Lemma lift_segment (w : word Sigma) (r : nat -> Q) i x :
  (forall j, r j.+1 \in delta (r j) (w j)) -> tau x = r i ->
  forall n, exists u, [/\ tau (foldl rho x u) = r (i + n), n <= size u &
    rejecting_extension alpha (segment r i n) (tau @: visited rho x u)].
Proof.
move=> run txi; elim=> [|n [u [tu nu ext]]].
  exists [::]; rewrite addn0 visited_nil imset_set1 txi /segment big_ord1 addn0.
  by split=> //; apply: rejecting_extension_refl.
have [e [e0 te ext']] := lift_transition tu (run (i + n)).
exists (u ++ e); split.
- by rewrite foldl_cat addnS.
- by rewrite size_cat -addn1 leq_add // lt0n size_eq0.
have -> : segment r i n.+1 = segment r i n :|: [set r (i + n); r (i + n).+1].
  rewrite segmentS setUA addnS; congr (_ :|: _); apply/esym/setUidPl.
  by rewrite sub1set mem_segment.
by rewrite visited_cat imsetU; apply: rejecting_extensionU.
Qed.

Lemma good_run_accepting w r x :
  is_run Q0 delta w r -> good x -> tau x \in inf_set r -> accepting alpha (inf_set r).
Proof.
case=> _ run goodx /inf_setP xinf; apply: contrapT => nacc.
have [N HN] := inf_set_eventually r.
have [i [Ni ri]] := xinf N.
have [n n0 [rin defR]] := inf_set_segment (fun j ij => HN j (leq_trans Ni ij)).
have [u [tu nu ext]] := lift_segment run (esym ri) n.
have [d dx ext'] := detour irreplaceable (etrans tu (etrans rin ri)).
have : rejecting_extension alpha (segment r i n) (tau @: visited rho x (u ++ d)).
  have := rejecting_extensionU ext ext'; rewrite visited_cat imsetU (setUidPl _) //.
  by rewrite sub1set tu mem_segment.
have nseg : ~ accepting alpha (segment r i n) by rewrite -defR.
move=> /(rejecting_extension_rejecting nseg); apply.
apply: goodx; last by rewrite foldl_cat dx.
by rewrite -size_eq0 size_cat -lt0n (leq_trans n0) // (leq_trans nu) ?leq_addr.
Qed.

Lemma good_states_accepting w r : is_run Q0 delta w r ->
  buchi_acc good_states (inf_visited r) -> rabin_acc alpha (inf_visited r).
Proof.
move=> run [q [/inf_setP qinf /imsetP[x]]]; rewrite inE => /asboolP goodx qx.
by rewrite inf_visitedE; apply: good_run_accepting run goodx _; rewrite -qx.
Qed.

Lemma lang_good_states w :
  lang Q0 delta (buchi_acc good_states) w -> lang Q0 delta (rabin_acc alpha) w.
Proof. by case=> r [run acc]; exists r; split=> //; apply: good_states_accepting run acc. Qed.

Variables (Q' : finType) (Q0' : {set Q'}) (delta' : Q' -> Sigma -> {set Q'}) (beta : {set Q'}).
Variable h : seq Sigma -> Q'.
Hypothesis h_gfg : gfg_strategy Q0' delta' (buchi_acc beta) h.
Hypothesis same_lang : forall w,
  lang Q0' delta' (buchi_acc beta) w <-> lang Q0 delta (rabin_acc alpha) w.

Lemma inf_visited_g_run w : inf_visited (fun i => g (Defs.prefix w i)) =
  (fun q => q \in tau @: inf_set (memory_run rho m0 w)).
Proof. by rewrite -inf_set_comp; apply: inf_visitedE. Qed.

▸ **TASK**
Transcribe the entries above so that nothing in them differs from the original.

▸ **SOLUTION TO THE EXERCISE**
Lemma lift_segment (w : word Sigma) (r : nat -> Q) i x :
  (forall j, r j.+1 \in delta (r j) (w j)) -> tau x = r i ->
  forall n, exists u, [/\ tau (foldl rho x u) = r (i + n), n <= size u &
    rejecting_extension alpha (segment r i n) (tau @: visited rho x u)].
Proof.
move=> run txi; elim=> [|n [u [tu nu ext]]].
  exists [::]; rewrite addn0 visited_nil imset_set1 txi /segment big_ord1 addn0.
  by split=> //; apply: rejecting_extension_refl.
have [e [e0 te ext']] := lift_transition tu (run (i + n)).
exists (u ++ e); split.
- by rewrite foldl_cat addnS.
- by rewrite size_cat -addn1 leq_add // lt0n size_eq0.
have -> : segment r i n.+1 = segment r i n :|: [set r (i + n); r (i + n).+1].
  rewrite segmentS setUA addnS; congr (_ :|: _); apply/esym/setUidPl.
  by rewrite sub1set mem_segment.
by rewrite visited_cat imsetU; apply: rejecting_extensionU.
Qed.

Lemma good_run_accepting w r x :
  is_run Q0 delta w r -> good x -> tau x \in inf_set r -> accepting alpha (inf_set r).
Proof.
case=> _ run goodx /inf_setP xinf; apply: contrapT => nacc.
have [N HN] := inf_set_eventually r.
have [i [Ni ri]] := xinf N.
have [n n0 [rin defR]] := inf_set_segment (fun j ij => HN j (leq_trans Ni ij)).
have [u [tu nu ext]] := lift_segment run (esym ri) n.
have [d dx ext'] := detour irreplaceable (etrans tu (etrans rin ri)).
have : rejecting_extension alpha (segment r i n) (tau @: visited rho x (u ++ d)).
  have := rejecting_extensionU ext ext'; rewrite visited_cat imsetU (setUidPl _) //.
  by rewrite sub1set tu mem_segment.
have nseg : ~ accepting alpha (segment r i n) by rewrite -defR.
move=> /(rejecting_extension_rejecting nseg); apply.
apply: goodx; last by rewrite foldl_cat dx.
by rewrite -size_eq0 size_cat -lt0n (leq_trans n0) // (leq_trans nu) ?leq_addr.
Qed.

Lemma good_states_accepting w r : is_run Q0 delta w r ->
  buchi_acc good_states (inf_visited r) -> rabin_acc alpha (inf_visited r).
Proof.
move=> run [q [/inf_setP qinf /imsetP[x]]]; rewrite inE => /asboolP goodx qx.
by rewrite inf_visitedE; apply: good_run_accepting run goodx _; rewrite -qx.
Qed.

Lemma lang_good_states w :
  lang Q0 delta (buchi_acc good_states) w -> lang Q0 delta (rabin_acc alpha) w.
Proof. by case=> r [run acc]; exists r; split=> //; apply: good_states_accepting run acc. Qed.

Variables (Q' : finType) (Q0' : {set Q'}) (delta' : Q' -> Sigma -> {set Q'}) (beta : {set Q'}).
Variable h : seq Sigma -> Q'.
Hypothesis h_gfg : gfg_strategy Q0' delta' (buchi_acc beta) h.
Hypothesis same_lang : forall w,
  lang Q0' delta' (buchi_acc beta) w <-> lang Q0 delta (rabin_acc alpha) w.

Lemma inf_visited_g_run w : inf_visited (fun i => g (Defs.prefix w i)) =
  (fun q => q \in tau @: inf_set (memory_run rho m0 w)).
Proof. by rewrite -inf_set_comp; apply: inf_visitedE. Qed.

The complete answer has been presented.